Lemma deriv_seq_zero (D : nat -> R -> Cx) :
  deriv_seq D -> (forall x, D 0%nat x = Czero) -> forall k x, D k x = Czero.
Proof.
  intros HD H0 k; induction k as [|k IH]; intros x; [apply H0|].
  destruct (HD k x) as [Hfst Hsnd].
  rewrite (Cx_eta (D (S k) x)).
  rewrite (derivable_pt_lim_of_zero _ _ _ (fun t => f_equal fst (IH t)) Hfst).
  rewrite (derivable_pt_lim_of_zero _ _ _ (fun t => f_equal snd (IH t)) Hsnd).
  reflexivity.
Qed.

Definition Dcomb (D1 : nat -> R -> Cx) (c : Cx) (D2 : nat -> R -> Cx) : nat -> R -> Cx :=
  fun k x => Csub (D1 k x) (Cmul c (D2 k x)).

Lemma deriv_seq_comb (D1 D2 : nat -> R -> Cx) (c : Cx) :
  deriv_seq D1 -> deriv_seq D2 -> deriv_seq (Dcomb D1 c D2).
Proof.
  intros H1 H2 k x; destruct (H1 k x) as [A1 B1], (H2 k x) as [A2 B2].
  destruct c as [c1 c2]; unfold Dcomb; cx_unfold; split.
  - apply derivable_pt_lim_plus; [exact A1|]; apply derivable_pt_lim_opp.
    apply derivable_pt_lim_minus; apply derivable_pt_lim_scal; assumption.
  - apply derivable_pt_lim_plus; [exact B1|]; apply derivable_pt_lim_opp.
    apply derivable_pt_lim_plus; apply derivable_pt_lim_scal; assumption.
Qed.

Definition annihilated (mus : list Cx) (D : nat -> R -> Cx) : Prop :=
  forall x, apply_ops mus D 0%nat x = Czero.

Lemma deriv_seq_ops (mus : list Cx) (D : nat -> R -> Cx) :
  deriv_seq D -> deriv_seq (apply_ops mus D).
Proof.
  intros HD; induction mus as [|mu mus IH]; simpl; [exact HD|].
  intros k x; exact (deriv_seq_comb _ _ mu (fun k => IH (S k)) IH k x).
Qed.

Lemma ops_comb (mus : list Cx) (D1 D2 : nat -> R -> Cx) (c : Cx) (k : nat) (x : R) :
  apply_ops mus (Dcomb D1 c D2) k x =
  Csub (apply_ops mus D1 k x) (Cmul c (apply_ops mus D2 k x)).
Proof.
  revert k x; induction mus as [|mu mus IH]; intros k x; [reflexivity|].
  simpl; rewrite !IH; cx_ring.
Qed.

Lemma annihilated_comb (mus : list Cx) (D1 D2 : nat -> R -> Cx) (c : Cx) :
  annihilated mus D1 -> annihilated mus D2 -> annihilated mus (Dcomb D1 c D2).
Proof. intros H1 H2 x; rewrite ops_comb, H1, H2; apply Csub_0_Cmul. Qed.

Lemma ops_swap (l0 l1 : Cx) (mus : list Cx) (D : nat -> R -> Cx) (k : nat) (x : R) :
  apply_ops (l0 :: l1 :: mus) D k x = apply_ops (l1 :: l0 :: mus) D k x.
Proof. simpl; cx_ring. Qed.

Lemma annihilated_cons (mu : Cx) (mus : list Cx) (D : nat -> R -> Cx) :
  deriv_seq D -> annihilated mus D -> annihilated (mu :: mus) D.
Proof.
  intros HD H x; pose proof (deriv_seq_zero _ (deriv_seq_ops mus D HD) H) as Z.
  simpl; rewrite !Z; apply Csub_0_Cmul.
Qed.

(* E_(l0 :: mus) and E_(l1 :: mus) intersect in E_mus when l0 <> l1:
   subtracting the two equations leaves (l1 - l0) g = 0 for g solving mus. *)
Lemma annihilated_inter (l0 l1 : Cx) (mus : list Cx) (D : nat -> R -> Cx) :
  l0 <> l1 -> annihilated (l0 :: mus) D -> annihilated (l1 :: mus) D ->
  annihilated mus D.
Proof.
  intros Hl H0 H1 x; specialize (H0 x); specialize (H1 x); simpl in H0, H1.
  apply (Cmul_integral (Csub l1 l0)); [|apply Csub_neq_0; congruence].
  revert H0 H1; generalize (apply_ops mus D 1%nat x) (apply_ops mus D 0%nat x).
  intros [u1 u2] [v1 v2]; destruct l0, l1; cx_unfold.
  intros E0 E1; injection E0 as A B; injection E1 as C D'; f_equal; lra.
Qed.

Definition vanishes_to (D : nat -> R -> Cx) (x : R) (k : nat) : Prop :=
  forall i, (i < k)%nat -> D i x = Czero.

Lemma ECT2_zero (mus : list Cx) (a b : R) (D : nat -> R -> Cx) (ka kb : nat) :
  ECT2 mus a b -> deriv_seq D -> annihilated mus D ->
  vanishes_to D a ka -> vanishes_to D b kb -> (length mus <= ka + kb)%nat ->
  forall i x, D i x = Czero.
Proof.
  intros Hect HD Hann Ha Hb Hlen; apply deriv_seq_zero; [exact HD|].
  intros x; apply NNPP; intros Hx.
  assert (Hs : smooth_with (D 0%nat) D) by (split; [reflexivity|exact HD]).
  pose proof (Hect (D 0%nat) (ex_intro _ D (conj Hs Hann)) (ex_intro _ x Hx)
                D ka kb Hs Ha Hb).
  lia.
Qed.
Lemma mean_value_bound (phi phi' : R -> R) (b x K : R) :
  (forall t, derivable_pt_lim phi t (phi' t)) ->
  (forall t, Rabs (t - b) <= Rabs (x - b) -> Rabs (phi' t) <= K) ->
  Rabs (phi x - phi b) <= K * Rabs (x - b).
Proof.
  intros Hd Hbound.
  destruct (MVT_abs phi phi' b x (fun c _ => Hd c)) as [c [E Hc]].
  rewrite E.
  apply Rmult_le_compat_r; [apply Rabs_pos|]; apply Hbound.
  unfold Rmin, Rmax in Hc; destruct (Rle_dec b x).
  - rewrite !Rabs_pos_eq; lra.
  - rewrite !Rabs_left1; lra.
Qed.

Lemma derivable_pt_lim_shifted_pow (b : R) (j : nat) (x : R) :
  derivable_pt_lim (fun t => (t - b) ^ S j) x (INR (S j) * (x - b) ^ j).
Proof.
  replace (INR (S j) * (x - b) ^ j) with (INR (S j) * (x - b) ^ j * 1) by ring.
  apply (derivable_pt_lim_comp (fun t => t - b) (fun y => y ^ S j)).
  - replace 1 with (1 - 0) by ring.
    apply derivable_pt_lim_minus; [apply derivable_pt_lim_id|apply derivable_pt_lim_const].
  - apply derivable_pt_lim_pow.
Qed.

(* Induction on j, integrating the statement for the derivative H 1 by the
   mean value inequality. *)
Lemma taylor_little_o (j : nat) : forall (H : nat -> R -> R) (b : R),
  (forall k x, derivable_pt_lim (H k) x (H (S k) x)) ->
  (forall i, (i < j)%nat -> H i b = 0) ->
  forall eps, 0 < eps -> exists delta, 0 < delta /\ forall x, Rabs (x - b) < delta ->
    Rabs (H 0%nat x - H j b / INR (fact j) * (x - b) ^ j) <= eps * Rabs (x - b) ^ j.
Proof.
  induction j as [|j IH]; intros H b HD HZ eps Heps.
  - assert (Hcont : continuity_pt (H 0%nat) b)
      by (apply derivable_continuous_pt; exists (H 1%nat b); apply HD).
    destruct (Hcont eps Heps) as [d [Hd Hnear]].
    exists d; split; [exact Hd|]; intros x Hx; simpl.
    replace (H 0%nat x - H 0%nat b / 1 * 1) with (H 0%nat x - H 0%nat b) by field.
    destruct (Req_dec x b) as [->|Hxb].
    + unfold Rminus; rewrite Rplus_opp_r, Rabs_R0; lra.
    + apply Rlt_le; rewrite Rmult_1_r.
      exact (Hnear x (conj (conj I (not_eq_sym Hxb)) Hx)).
  - destruct (IH (fun k => H (S k)) b (fun k => HD (S k)) (fun i Hi => HZ (S i) ltac:(lia))
      eps Heps) as [d [Hd Hx]].
    exists d; split; [exact Hd|]; intros x Hxd.
    set (c := H (S j) b / INR (fact (S j))).
    set (phi := fun t => H 0%nat t - c * (t - b) ^ S j).
    set (phi' := fun t => H 1%nat t - H (S j) b / INR (fact j) * (t - b) ^ j).
    assert (Hfact : INR (fact (S j)) = INR (S j) * INR (fact j))
      by (rewrite fact_simpl, mult_INR; reflexivity).
    assert (Hphi : forall t, derivable_pt_lim phi t (phi' t)).
    { intros t; unfold phi'.
      replace (H (S j) b / INR (fact j) * (t - b) ^ j)
        with (c * (INR (S j) * (t - b) ^ j))
        by (unfold c; rewrite Hfact; field;
            split; apply not_0_INR; [apply fact_neq_0|lia]).
      apply (derivable_pt_lim_minus (H 0%nat) (fun t => c * (t - b) ^ S j));
        [apply HD|].
      apply (derivable_pt_lim_scal (fun t => (t - b) ^ S j)).
      apply derivable_pt_lim_shifted_pow. }
    assert (Hphib : phi b = 0)
      by (unfold phi; rewrite (HZ 0%nat ltac:(lia)); simpl; ring).
    assert (Hbound := mean_value_bound phi phi' b x (eps * Rabs (x - b) ^ j) Hphi).
    rewrite Hphib, Rminus_0_r in Hbound.
    replace (eps * Rabs (x - b) ^ S j) with (eps * Rabs (x - b) ^ j * Rabs (x - b))
      by (simpl; ring).
    apply Hbound; intros t Ht.
    apply Rle_trans with (eps * Rabs (t - b) ^ j); [apply Hx; lra|].
    apply Rmult_le_compat_l; [lra|]; apply pow_incr; split; [apply Rabs_pos|exact Ht].
Qed.

Lemma taylor_quotient_limit (j : nat) (H : nat -> R -> R) (b : R) :
  (forall k x, derivable_pt_lim (H k) x (H (S k) x)) ->
  (forall i, (i < j)%nat -> H i b = 0) ->
  limit1_in (fun x => / (x - b) ^ j * H 0%nat x) (fun x => x <> b)
    (/ INR (fact j) * H j b) b.
Proof.
  intros HD HZ eps Heps.
  destruct (taylor_little_o j H b HD HZ (eps / 2) ltac:(lra)) as [d [Hd Hx]].
  exists d; split; [exact Hd|]; intros x [Hxb Hxd]; simpl in *; unfold Rdist in *.
  specialize (Hx x Hxd).
  assert (Hp : (x - b) ^ j <> 0) by (apply pow_nonzero; lra).
  assert (Hpos : 0 < Rabs ((x - b) ^ j)) by (apply Rabs_pos_lt; exact Hp).
  assert (Hf : INR (fact j) <> 0) by (apply not_0_INR, fact_neq_0).
  replace (/ (x - b) ^ j * H 0%nat x - / INR (fact j) * H j b) with
    (/ (x - b) ^ j * (H 0%nat x - H j b / INR (fact j) * (x - b) ^ j)) by (field; auto).
  rewrite Rabs_mult, Rabs_inv, <- RPow_abs.
  rewrite <- RPow_abs in Hpos.
  apply Rle_lt_trans with (eps / 2); [|lra].
  apply (Rmult_le_reg_l (Rabs (x - b) ^ j)); [exact Hpos|].
  rewrite <- Rmult_assoc, Rinv_r, Rmult_1_l by lra; lra.
Qed.

Definition Cscale (t : R) (z : Cx) : Cx := (t * fst z, t * snd z).

Lemma Cdiv_scale (t : R) (z w : Cx) : t <> 0 -> Cdiv (Cscale t z) (Cscale t w) = Cdiv z w.
Proof.
  intros Ht; destruct (classic (w = Czero)) as [->|Hw].
  - destruct z; unfold Cscale, Cdiv, Cmul, Cinv, Czero; simpl.
    f_equal; unfold Rdiv; ring.
  - pose proof (Cmod2_neq_0 w Hw) as Hd.
    destruct z as [z1 z2], w as [w1 w2]; unfold Cscale, Cdiv, Cmul, Cinv; simpl in *.
    assert (Hd' : t * w1 * (t * w1) + t * w2 * (t * w2) <> 0).
    { replace (t * w1 * (t * w1) + t * w2 * (t * w2)) with (t * t * (w1 * w1 + w2 * w2))
        by ring.
      apply Rmult_integral_contrapositive; split; [apply Rmult_integral_contrapositive|]; auto. }
    f_equal; field; split; assumption.
Qed.

Lemma limit_Cdiv (f g : R -> Cx) (Dom : R -> Prop) (x0 : R) (A B : Cx) :
  limit1_in (fun x => fst (f x)) Dom (fst A) x0 -> limit1_in (fun x => snd (f x)) Dom (snd A) x0 ->
  limit1_in (fun x => fst (g x)) Dom (fst B) x0 -> limit1_in (fun x => snd (g x)) Dom (snd B) x0 ->
  B <> Czero ->
  limit1_in (fun x => fst (Cdiv (f x) (g x))) Dom (fst (Cdiv A B)) x0 /\
  limit1_in (fun x => snd (Cdiv (f x) (g x))) Dom (snd (Cdiv A B)) x0.
Proof.
  intros Hf1 Hf2 Hg1 Hg2 HB.
  assert (Hmod : limit1_in (fun x => / (fst (g x) * fst (g x) + snd (g x) * snd (g x))) Dom
                   (/ (fst B * fst B + snd B * snd B)) x0).
  { apply limit_inv; [apply limit_plus; apply limit_mul; assumption|].
    apply Cmod2_neq_0; exact HB. }
  unfold Cdiv, Cmul, Cinv, Rdiv; simpl; split.
  - apply limit_minus; apply limit_mul; try apply limit_mul; try apply limit_Ropp; assumption.
  - apply limit_plus; apply limit_mul; try apply limit_mul; try apply limit_Ropp; assumption.
Qed.

Lemma climit_of_components (g : R -> Cx) (b : R) (L : Cx) :
  limit1_in (fun x => fst (g x)) (fun x => x <> b) (fst L) b ->
  limit1_in (fun x => snd (g x)) (fun x => x <> b) (snd L) b ->
  climit g b L.
Proof.
  intros H1 H2 eps Heps.
  destruct (H1 (eps / 2) ltac:(lra)) as [d1 [Hd1 X1]].
  destruct (H2 (eps / 2) ltac:(lra)) as [d2 [Hd2 X2]].
  exists (Rmin d1 d2); split; [apply Rmin_pos; assumption|]; intros x Hxb Hx.
  specialize (X1 x (conj Hxb (Rlt_le_trans _ _ _ Hx (Rmin_l d1 d2)))).
  specialize (X2 x (conj Hxb (Rlt_le_trans _ _ _ Hx (Rmin_r d1 d2)))).
  simpl in X1, X2; unfold Rdist in X1, X2.
  unfold Cnorm, Csub, Cadd, Copp; simpl.
  apply Rabs_def2 in X1, X2.
  set (u := fst (g x) + - fst L); set (v := snd (g x) + - snd L).
  assert (Hu : - (eps / 2) < u < eps / 2) by (unfold u; lra).
  assert (Hv : - (eps / 2) < v < eps / 2) by (unfold v; lra).
  rewrite <- (sqrt_square eps) by lra.
  apply sqrt_lt_1_alt; split; nra.
Qed.

Lemma climit_ratio (D1 D2 : nat -> R -> Cx) (b : R) (j : nat) :
  deriv_seq D1 -> deriv_seq D2 -> vanishes_to D1 b j -> vanishes_to D2 b j ->
  D2 j b <> Czero ->
  climit (fun x => Cdiv (D1 0%nat x) (D2 0%nat x)) b (Cdiv (D1 j b) (D2 j b)).
Proof.
  intros H1 H2 Z1 Z2 Hnz.
  set (s := fun x => / (x - b) ^ j).
  set (F := / INR (fact j)).
  assert (HF : F <> 0) by (apply Rinv_neq_0_compat, not_0_INR, fact_neq_0).
  assert (Hlim : forall D, deriv_seq D -> vanishes_to D b j ->
    limit1_in (fun x => fst (Cscale (s x) (D 0%nat x))) (fun x => x <> b)
      (fst (Cscale F (D j b))) b /\
    limit1_in (fun x => snd (Cscale (s x) (D 0%nat x))) (fun x => x <> b)
      (snd (Cscale F (D j b))) b).
  { intros D HD Z; split.
    - apply (taylor_quotient_limit j (fun k t => fst (D k t)));
        [intros k x; apply (HD k x) | intros i Hi; simpl; rewrite (Z i Hi); reflexivity].
    - apply (taylor_quotient_limit j (fun k t => snd (D k t)));
        [intros k x; apply (HD k x) | intros i Hi; simpl; rewrite (Z i Hi); reflexivity]. }
  destruct (Hlim D1 H1 Z1) as [L11 L12], (Hlim D2 H2 Z2) as [L21 L22].
  assert (HnzF : Cscale F (D2 j b) <> Czero).
  { intros E; apply Hnz; rewrite (Cx_eta (D2 j b)); unfold Cscale, Czero in *.
    injection E as E1 E2; f_equal; nra. }
  destruct (limit_Cdiv _ _ _ _ _ _ L11 L12 L21 L22 HnzF) as [Lfst Lsnd].
  rewrite Cdiv_scale in Lfst, Lsnd by exact HF.
  intros eps Heps; destruct (climit_of_components _ _ _ Lfst Lsnd eps Heps) as [d [Hd Hx]].
  exists d; split; [exact Hd|]; intros x Hxb Hxd.
  rewrite <- (Cdiv_scale (s x)); [exact (Hx x Hxb Hxd)|].
  apply Rinv_neq_0_compat, pow_nonzero; lra.
Qed.

Section BernsteinDifference.

Variables (l0 l1 : Cx) (M : list Cx) (a b : R) (k j : nat) (D02 D1 Dq : nat -> R -> Cx).

Hypothesis l0_neq_l1 : l0 <> l1.
Hypothesis orders : (k + j)%nat = length M.
Hypothesis ect_M : ECT2 M a b.
Hypothesis ect_full : ECT2 (l0 :: l1 :: M) a b.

Action item. Beginning with the line containing "apply_ops mus (Dcomb" and ending with the line containing "Proof. simpl; cx_ring. Qed.", extract those lines exactly from the listing above, and only those.

Response area.
  apply_ops mus (Dcomb D1 c D2) k x =
  Csub (apply_ops mus D1 k x) (Cmul c (apply_ops mus D2 k x)).
Proof.
  revert k x; induction mus as [|mu mus IH]; intros k x; [reflexivity|].
  simpl; rewrite !IH; cx_ring.
Qed.

Lemma annihilated_comb (mus : list Cx) (D1 D2 : nat -> R -> Cx) (c : Cx) :
  annihilated mus D1 -> annihilated mus D2 -> annihilated mus (Dcomb D1 c D2).
Proof. intros H1 H2 x; rewrite ops_comb, H1, H2; apply Csub_0_Cmul. Qed.

Lemma ops_swap (l0 l1 : Cx) (mus : list Cx) (D : nat -> R -> Cx) (k : nat) (x : R) :
  apply_ops (l0 :: l1 :: mus) D k x = apply_ops (l1 :: l0 :: mus) D k x.
Proof. simpl; cx_ring. Qed.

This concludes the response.